Servings: 4
Prep Time: 15 minutes
Cook Time: 15 minutes
Ingredients
- 400 gr (13 1/2 oz) tempeh
- 1 onion, minced
- 60 ml (4 tbsp) canola oil
- 500 ml (2 cups) snow peas
- 30 ml (2 tbsp) soy sauce
- 30 ml (2 tbsp) rice vinegar
- 5 ml (1 tsp) Sambal Oelek
- 30 ml (2 tbsp) sesame oil
- 2 cloves garlic, minced
- 30 ml (2 tbsp) ginger, minced
- 15 ml (1 tbsp) honey
- 60 ml (4 tbsp) peanut butter
- 60 ml (4 tbsp) coriander leaves, chopped
- 4 servings rice, cooked
- salt and pepper to taste
Preparation
- In a pot of boiling water, cook the tempeh, 10 minutes.

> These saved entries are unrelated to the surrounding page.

(* Linear orders on the finite set T are exactly the relations
   u < v  :=  rank (p u) < rank (p v)  for a permutation p of T. *)
Definition perm_order (T : finType) (p : {perm T}) : rel T :=
  fun u v => (enum_rank (p u) < enum_rank (p v))%N.

(* Gamma*(G) = min over all linear orders; the min is seeded with the value at
   the identity permutation (itself one of the minimised values). *)
Definition Gamma (T : finType) (e : rel T) : rat :=
  \big[Num.min/GammaOrd e (perm_order 1)]_(p : {perm T}) GammaOrd e (perm_order p).

From Stdlib Require Import Rdefinitions RIneq Rbasic_fun Lra.
From mathcomp Require Import all_boot all_order all_algebra all_fingroup.
From mathcomp Require Import zify.
Import Order.TTheory GRing.Theory Num.Theory.
Set Implicit Arguments. Unset Strict Implicit. Unset Printing Implicit Defensive.

(* A finite simple graph G is a one-dimensional geometric graph iff
   Gamma*(G) = 0.  Both sides are equivalent to the existence of an
   umbrella ordering: a linear order < of V(G) such that every edge x ~ v
   with x < u < v forces the edges x ~ u and u ~ v.

   Every summand of Gamma*(G, <, A) is nonnegative,
     so Gamma*(G) = 0 iff some order < has Gamma*(G, <, A) = 0 for all A,
     i.e. iff the relevant neighbourhood counts never exceed each other.
     For all A this holds exactly for umbrella orderings: the umbrella
     property gives the needed inclusions of neighbourhoods, and testing
     singletons A = {x} recovers the umbrella property.
   - Geometric half.  Sorting the vertices by their positions pi yields an
     umbrella ordering.  Conversely, listing the vertices along an umbrella
     ordering, positions are placed one at a time, strictly increasing, with
     gaps < 1 on edges and > 1 on non-edges: the neighbours of the new vertex
     among the earlier ones form a final segment, so a suitable new position
     always exists. *)

Definition umbrella (X : Type) (adj lt : rel X) : Prop :=
  forall x u v, lt x u -> lt u v -> adj x v -> adj x u /\ adj u v.

Section GammaZero.
Local Open Scope ring_scope.
Variables (T : finType) (e : rel T).

Definition pair_mass (lt : rel T) (F : T -> T -> rat) : rat :=
  (#|T|%:R ^+ 3)^-1 * \sum_(u : T) \sum_(v : T | lt u v) F u v.

Lemma pair_mass_ge0 lt F : (forall u v, 0 <= F u v) -> 0 <= pair_mass lt F.
Proof.
move=> F_ge0; rewrite /pair_mass mulr_ge0 ?invr_ge0 ?exprn_ge0 ?ler0n //.
by apply: sumr_ge0 => u _; apply: sumr_ge0.
Qed.

Lemma pair_mass_eq0 lt F : (forall u v, 0 <= F u v) ->
  pair_mass lt F = 0 <-> forall u v, lt u v -> F u v = 0.
Proof.
move=> F_ge0; split=> [|F0]; last first.
  by rewrite /pair_mass big1 ?mulr0 // => u _; apply: big1 => v; apply: F0.
have [T0 _ u|T_gt0] := posnP #|T|; first by have := card0_eq T0 u; rewrite inE.
move/eqP; rewrite /pair_mass mulf_eq0 invr_eq0 expf_eq0 pnatr_eq0 eqn0Ngt T_gt0 /=.
move=> /eqP sum0 u v uv.
have row0 := (psumr_eq0P (fun w _ => sumr_ge0 _ (fun z _ => F_ge0 w z)) sum0 (i := u) isT).
exact: (psumr_eq0P (fun w _ => F_ge0 u w) row0 (i := v) uv).
Qed.

Lemma posp_ge0 x : 0 <= posp x.
Proof. by rewrite /posp le_max lexx. Qed.

Lemma posp_subn_eq0 (a b : nat) : posp (a%:R - b%:R) = 0 <-> (a <= b)%N.
Proof.
rewrite /posp; split=> [ab0|ab]; last by rewrite max_l // subr_le0 ler_nat.
have : a%:R - b%:R <= 0 :> rat by rewrite -ab0 le_max lexx orbT.
by rewrite subr_le0 ler_nat.
Qed.

Definition excess_below (lt : rel T) (A : {set T}) (u v : T) : rat :=
  posp (#|nbhd e v :&: A :&: [set x | lt x u]|%:R
        - #|nbhd e u :&: A :&: [set x | lt x u]|%:R).
Definition excess_above (lt : rel T) (A : {set T}) (u v : T) : rat :=
  posp (#|nbhd e u :&: A :&: [set x | lt v x]|%:R
        - #|nbhd e v :&: A :&: [set x | lt v x]|%:R).

Lemma GammaA_split lt A :
  GammaA e lt A = pair_mass lt (excess_below lt A) + pair_mass lt (excess_above lt A).
Proof. by []. Qed.

Lemma GammaA_ge0 lt A : 0 <= GammaA e lt A.
Proof. by rewrite GammaA_split addr_ge0 ?pair_mass_ge0 // => *; apply: posp_ge0. Qed.

Definition no_excess (lt : rel T) (A : {set T}) : Prop :=
  forall u v, lt u v ->
    (#|nbhd e v :&: A :&: [set x | lt x u]| <= #|nbhd e u :&: A :&: [set x | lt x u]|)%N /\
    (#|nbhd e u :&: A :&: [set x | lt v x]| <= #|nbhd e v :&: A :&: [set x | lt v x]|)%N.

Lemma GammaA_eq0P lt A : GammaA e lt A = 0 <-> no_excess lt A.
Proof.
have below_ge0 u v : 0 <= excess_below lt A u v by apply: posp_ge0.
have above_ge0 u v : 0 <= excess_above lt A u v by apply: posp_ge0.
rewrite GammaA_split; split.
  move/eqP; rewrite paddr_eq0 ?pair_mass_ge0 //.
  move=> /andP[/eqP/(pair_mass_eq0 _ below_ge0) lo /eqP/(pair_mass_eq0 _ above_ge0) hi].
  move=> u v uv; split; apply/posp_subn_eq0; [exact: lo | exact: hi].
move=> h; rewrite (proj2 (pair_mass_eq0 _ below_ge0)) ?(proj2 (pair_mass_eq0 _ above_ge0));
  by rewrite ?addr0 // => u v /h[] *; apply/posp_subn_eq0.
Qed.

(* In an umbrella ordering each neighbourhood count is dominated, for every
   A: an A-neighbour x < u of v is a neighbour of u, and an A-neighbour
   x > v of u is a neighbour of v. *)
Lemma umbrella_no_excess lt A :
  symmetric e -> umbrella e lt -> no_excess lt A.
Proof.
move=> sym umb u v uv; split; apply: subset_leq_card; apply/subsetP => x; rewrite !inE.
- case/andP=> /andP[evx xA] xu; rewrite xA xu !andbT sym.
  by have [] := umb x u v xu uv; rewrite 1?sym.
- case/andP=> /andP[eux xA] vx; rewrite xA vx !andbT.
  by have [] := umb u v x uv vx eux.
Qed.

(* Conversely, testing A = {x} and A = {v} recovers the umbrella property. *)
Lemma no_excess_umbrella lt :
  symmetric e -> (forall A, no_excess lt A) -> umbrella e lt.
Proof.
move=> sym noex x u v xu uv exv; split.
- have /card_gt0P[y] : (0 < #|nbhd e u :&: [set x] :&: [set y | lt y u]|)%N.
    apply: leq_trans (proj1 (noex [set x] u v uv)); apply/card_gt0P.
    by exists x; rewrite !inE eqxx xu sym exv.
  by rewrite !inE => /andP[/andP[euy /eqP yx] _]; rewrite sym -yx.
- have /card_gt0P[y] : (0 < #|nbhd e u :&: [set v] :&: [set y | lt u y]|)%N.
    apply: leq_trans (proj2 (noex [set v] x u xu)); apply/card_gt0P.
    by exists v; rewrite !inE eqxx uv exv.
  by rewrite !inE => /andP[/andP[euy /eqP yv] _]; rewrite -yv.
Qed.

(* Gamma*(G, <) is a maximum of nonnegative values, so it vanishes iff all
   of them do. *)
Lemma GammaOrd_eq0 lt : GammaOrd e lt = 0 <-> forall A, GammaA e lt A = 0.
Proof.
split=> [G0 A|A0].
  apply/eqP; rewrite eq_le GammaA_ge0 andbT -G0 /GammaOrd (bigD1 A) //=.
  by rewrite le_max lexx.
by apply: (big_ind (fun y => y = 0)) => [//|x y -> ->|A _]; rewrite ?maxxx ?A0.
Qed.

Lemma GammaOrd_ge0 lt : 0 <= GammaOrd e lt.
Proof.
apply: (big_ind (fun y => 0 <= y)) => [//|x y x_ge0 y_ge0|A _]; last exact: GammaA_ge0.
by rewrite le_max x_ge0.
Qed.

(* Gamma*(G) is attained by some linear order, and all values are >= 0. *)
Lemma Gamma_eq0 : Gamma e = 0 <-> exists p : {perm T}, GammaOrd e (perm_order p) = 0.
Proof.
split=> [G0|[p p0]].
  have [p Gp] : exists p : {perm T}, Gamma e = GammaOrd e (perm_order p).
    apply: (big_ind (fun y => exists p : {perm T}, y = GammaOrd e (perm_order p))).
    - by exists 1%g.
    - move=> x y [p ->] [q ->].
      by rewrite minEle; case: ifP => _; [exists p | exists q].
    - by move=> p _; exists p.
  by exists p; rewrite -Gp.
apply/eqP; rewrite eq_le; apply/andP; split.
  by rewrite -p0 /Gamma (bigD1 p) //= ge_min lexx.
apply: (big_ind (fun y => 0 <= y)) => [|x y x_ge0 y_ge0|q _]; rewrite ?GammaOrd_ge0 //.
by rewrite le_min x_ge0.
Qed.

Lemma Gamma_eq0_umbrella :
  symmetric e -> Gamma e = 0 <-> exists p : {perm T}, umbrella e (perm_order p).
Proof.
move=> sym; rewrite Gamma_eq0; split=> -[p p_ok]; exists p.
  apply: no_excess_umbrella => // A.
  by apply/GammaA_eq0P; move: A; apply/GammaOrd_eq0.
by apply/GammaOrd_eq0 => A; apply/GammaA_eq0P; apply: umbrella_no_excess.
Qed.
End GammaZero.

Section PermOrder.
Variable T : finType.

Lemma perm_order_irr (p : {perm T}) u v : perm_order p u v -> u <> v.
Proof. by rewrite /perm_order => uv eq_uv; move: uv; rewrite eq_uv ltnn. Qed.

Lemma perm_order_trans (p : {perm T}) u v w :
  perm_order p u v -> perm_order p v w -> perm_order p u w.
Proof. exact: ltn_trans. Qed.

(* Every real labelling of the vertices is nondecreasing along some linear
   order: sort the vertices by their labels. *)
Lemma sorting_order (f : T -> R) :
  exists p : {perm T}, forall u v, perm_order p u v -> Rle (f u) (f v).
Proof.
pose leb x y := if Rle_dec (f x) (f y) then true else false.
have leb_total : total leb.
  by move=> x y; rewrite /leb; do 2 case: Rle_dec => //=; lra.
have leb_trans : transitive leb.
  by move=> x y z; rewrite /leb; do 3 case: Rle_dec => //=; lra.
pose s := sort leb (enum T).
have perm_s : perm_eq s (enum T) by rewrite perm_sort.
have in_s x : x \in s by rewrite (perm_mem perm_s) mem_enum.
have index_lt x : (index x s < #|T|)%N by rewrite cardE -(perm_size perm_s) index_mem.
pose rank x := enum_val (Ordinal (index_lt x)).
have rank_inj : injective rank.
  move=> x y /enum_val_inj/(congr1 val) /= eq_index.
  by rewrite -(nth_index x (in_s x)) eq_index nth_index.
exists (perm rank_inj) => u v; rewrite /perm_order !permE /rank !enum_valK /= => uv.
have := sorted_ltn_nth leb_trans u (sort_sorted leb_total (enum T)).
move=> /(_ (index u s) (index v s)); rewrite !inE !index_mem !in_s => /(_ isT isT uv).
by rewrite !nth_index // /leb; case: Rle_dec.
Qed.
End PermOrder.

Section IntervalRealization.
Local Open Scope R_scope.
Variable adj : nat -> nat -> bool.

Definition below (n : nat) : rel nat := fun i j => (i < j < n)%N.

Definition realizes (n : nat) (y : nat -> R) : Prop :=
  forall i j, (i < j)%N -> (j < n)%N ->
    y i < y j /\ (adj i j -> y j - y i < 1) /\ (~~ adj i j -> 1 < y j - y i).

Lemma realizes_mono n y i j : realizes n y -> (i <= j)%N -> (j < n)%N -> y i <= y j.
Proof.
move=> yn; rewrite leq_eqVlt => /orP[/eqP->|ij] jn; first lra.
by have [] := yn i j ij jn; lra.
Qed.

Lemma last_neighbours n : umbrella adj (below n.+1) ->
  exists2 l, (l <= n)%N & forall i, (i < n)%N -> adj i n = (l <= i)%N.
Proof.
move=> umb; pose l := find (adj^~ n) (iota 0 n).
have l_le : (l <= n)%N by rewrite -[X in (_ <= X)%N](size_iota 0 n) find_size.
exists l => // i lt_in; have [lt_il|le_li] := ltnP i l.
  by have := before_find 0%N lt_il; rewrite nth_iota ?add0n //; lia.
have adj_ln : adj l n.
  have := @nth_find _ 0%N (adj^~ n) (iota 0 n); rewrite nth_iota ?add0n; last lia.
  by apply; rewrite has_find size_iota; lia.
move: le_li; rewrite leq_eqVlt => /orP[/eqP<- // | lt_li].
by have [] := umb l i n ltac:(rewrite /below; lia) ltac:(rewrite /below; lia) adj_ln.
Qed.

(* Extending a realization by one point c: above all previous points, within
   distance 1 exactly of the points l, ..., n-1.  This needs the segment
   [l, n) to have diameter < 1. *)
Lemma extend_realization n l y : realizes n y -> (l <= n)%N ->
  ((l < n)%N -> y n.-1 - y l < 1) ->
  exists c, (forall i, (i < n)%N -> y i < c) /\
            (forall i, (l <= i < n)%N -> c - y i < 1) /\
            (forall i, (i < l)%N -> 1 < c - y i).
Proof.
move=> yn l_le diam; have mono i j := @realizes_mono n y i j yn.
have [->|lt_ln] := eqVneq l n.
  exists (y n.-1 + 2); split; [|split] => i; [|lia|];
    by move=> ?; have := mono i n.-1 ltac:(lia) ltac:(lia); lra.
have {}lt_ln : (l < n)%N by lia.
have {}diam := diam lt_ln.
have [l0|l_gt0] := posnP l.
  exists ((y n.-1 + y l + 1) / 2); split; [|split] => i; [|move=> /andP[li ?]|lia].
  - by move=> ?; have := mono i n.-1 ltac:(lia) ltac:(lia); lra.
  - by have := mono l i li ltac:(lia); lra.
have gap : y l.-1 < y l by have [] := yn l.-1 l ltac:(lia) lt_ln.
pose m := Rmax (y n.-1) (y l.-1 + 1).
have [m1 m2] : y n.-1 <= m /\ y l.-1 + 1 <= m by split; [apply: Rmax_l | apply: Rmax_r].
have m3 : m < y l + 1 by apply: Rmax_lub_lt; lra.
exists ((m + y l + 1) / 2); split; [|split] => i; [|move=> /andP[li ?]|].
- by move=> ?; have := mono i n.-1 ltac:(lia) ltac:(lia); lra.
- by have := mono l i li ltac:(lia); lra.
- by move=> ?; have := mono i l.-1 ltac:(lia) ltac:(lia); lra.
Qed.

- Cut the tempeh into large cubes.
- In a hot pan, brown the tempeh and onion in the canola oil, 2 minutes.
- Add the snow peas, soy sauce, rice vinegar, Sambal Oelek, sesame oil, garlic, ginger, honey and let it all brown, 2 minutes.
- Add the peanut butter and mix well. Check the seasoning.
- Serve everything on white rice and sprinkle with fresh coriander.